Menuju integrasi dan kolaborasi, Sekolah Rakyat tidak boleh menjadi proyek pencitraan jangka pendek. Ia harus dibangun dengan pendekatan sistemik, terintegrasi dengan kurikulum nasional, dan memiliki mekanisme evaluasi mutu yang transparan. Pemerintah perlu membuka ruang kolaborasi dengan sekolah swasta, pesantren, dan lembaga pendidikan komunitas agar kehadiran Sekolah Rakyat memperkuat, bukan mematikan, inisiatif lokal. Lebih penting lagi, kehadiran Sekolah Rakyat harus menjadi momentum untuk mereformasi sistem pendidikan secara menyeluruh. Masalah pendidikan Indonesia bukan hanya soal akses, tetapi juga relevansi kurikulum, kesejahteraan guru, dan ketimpangan antar daerah. Semua ini tidak akan selesai hanya dengan mendirikan sekolah baru.
Sekolah Rakyat adalah peluang tetapi ia juga ujian.
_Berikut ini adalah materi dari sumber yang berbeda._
Theorem mainTheorem6 (R : realType) (w1 w2 : nat -> cplx R)
  (theta sigma1 sigma2 : {poly cplx R})
  (S St Si Sti : imx (cplx R)) (h : nat -> cplx R) (Linv : imx (cplx R)) :
  (* absolute convergence of the series defining the moments *)
  (forall n m, cvgn (series (fun k => `|moment_term w1 w2 n m k|))) ->
  (* all leading principal minors of the moment matrix are nonzero *)
  (forall N, \det (lead_block (moment w1 w2) N) != 0) ->
  (* Gauss-Borel factorization M = S^{-1} H St^{-T} *)
  lower_unitri S -> lower_unitri St ->
  is_inv_lt S Si -> is_inv_lt St Sti ->
  moment w1 w2 = imul (imul Si (idiag h)) (itr Sti) ->
  (* L^{-1} is the inverse of the Pascal matrix *)
  is_inv_lt (pascal _) Linv ->
  (* discrete Pearson equations *)
  (forall k, theta.[(k.+1)%:R] * w1 k.+1 = sigma1.[k%:R] * w1 k) ->
  (forall k, theta.[(k.+1)%:R] * w2 k.+1 = sigma2.[k%:R] * w2 k) ->
  theta.[0] = 0 ->
  let H := idiag h in
  let Hinv := idiag (fun n => (h n)^-1) in
  let T := imul (imul S (Lam _)) Si in
  let T1 := imul (imul (imul (imul Hinv St) (Lam1 _)) Sti) H in
  let T2 := imul (imul (imul (imul Hinv St) (Lam2 _)) Sti) H in
  let Piinv := imul (imul S Linv) Si in
  let Pi1 := imul (imul (imul (imul Hinv St) (pascal1 _)) Sti) H in
  let Pi2 := imul (imul (imul (imul Hinv St) (pascal2 _)) Sti) H in
  imul Piinv (ipoly theta T) =
  iadd (imul (ipoly sigma1 (itr T1)) (itr Pi1))
       (imul (ipoly sigma2 (itr T2)) (itr Pi2)).
Proof.
move=> abs_cvg det_neq0 uS uSt iS iSt M_GB [lLinv [LLinv LinvL]] pearson1 pearson2 theta0.
move=> H Hinv T T1 T2 Piinv Pi1 Pi2.
have h_neq0 : forall n, h n != 0.
  by apply: (gauss_borel_diag_neq0 uS uSt iS iSt); rewrite -M_GB.
have SSi := inverse_pair_lower (proj1 uS) iS; have [_ rSi _ _] := SSi.
have StSti := inverse_pair_lower (proj1 uSt) iSt; have [_ rSti _ _] := StSti.
pose P := imul Hinv St; pose Q := imul Sti H.
have PQ : inverse_pair P Q := inverse_pairM (inverse_pair_diag h_neq0) StSti.
have [rP _ _ _] := PQ; have [rL1 rL2 rP1 rP2] := @row_finite_pearson_factors (cplx R).
have [-> -> -> ->] : [/\ T1 = iconj P Q (Lam1 _), T2 = iconj P Q (Lam2 _),
    Pi1 = iconj P Q (pascal1 _) & Pi2 = iconj P Q (pascal2 _)].
  by split; apply: imulA_iconj rP _ rSti.
have rLinv := lower_tri_row_finite lLinv.
have rW := row_finiteM rLinv (row_finite_ipoly theta (@row_finite_Lam (cplx R))).
rewrite (tr_iconj_pearson_mx PQ) -[Piinv]/(iconj S Si Linv) -[T]/(iconj S Si (Lam _)).
rewrite (imul_iconj_ipoly SSi _ _ _ rLinv row_finite_Lam).
apply: (iconj_intertwine SSi PQ rW (row_finite_pearson_mx _ _)).
have -> : imul Si (itr Q) = moment w1 w2.
  by rewrite M_GB /Q itr_imul itr_diag -(imulA rSi (row_finite_diag h)).
have cvg_moment n m := normed_series_cvg (abs_cvg n m).
rewrite (imulA rLinv (row_finite_ipoly _ row_finite_Lam)).
rewrite (pearson_shift cvg_moment pearson1 pearson2 theta0).
by rewrite -(imulA rLinv (lower_tri_row_finite pascal_lower)) LinvL imul1l.
Qed.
Ia menguji apakah negara mampu menjalankan fungsi distributif dan korektifnya dalam pendidikan tanpa mengorbankan keberagaman ekosistem pendidikan yang sudah ada. Ia menguji apakah kebijakan populis dapat dikawal menjadi kebijakan publik yang berkelanjutan dan berpihak pada kualitas. Pemerintah harus bertindak cepat namun hati-hati. Dalam pendidikan, langkah tergesa bisa membawa luka jangka panjang. Di balik euforia gagasan ini, perhatian terhadap detail pelaksanaan akan menentukan: apakah Sekolah Rakyat akan menjadi tonggak sejarah atau hanya catatan kaki dalam lembar kebijakan pendidikan Indonesia.
Sekolah Rakyat adalah janji besar. Ia bisa menjadi katalis transformasi pendidikan atau sekadar menambah daftar panjang program yang lahir dari niat baik tetapi gagal dalam pelaksanaan. Pemerintah, dalam hal ini Presiden Prabowo dan jajaran teknis, perlu memastikan bahwa program ini bukan hanya respons terhadap kegagalan masa lalu, melainkan fondasi bagi masa depan pendidikan yang lebih adil, inklusif, dan bermutu.
*) Penulis adalah Ketua Pemuda Katolik Nagekeo. Saat ini mengabdi dan menetap di Nagekeo.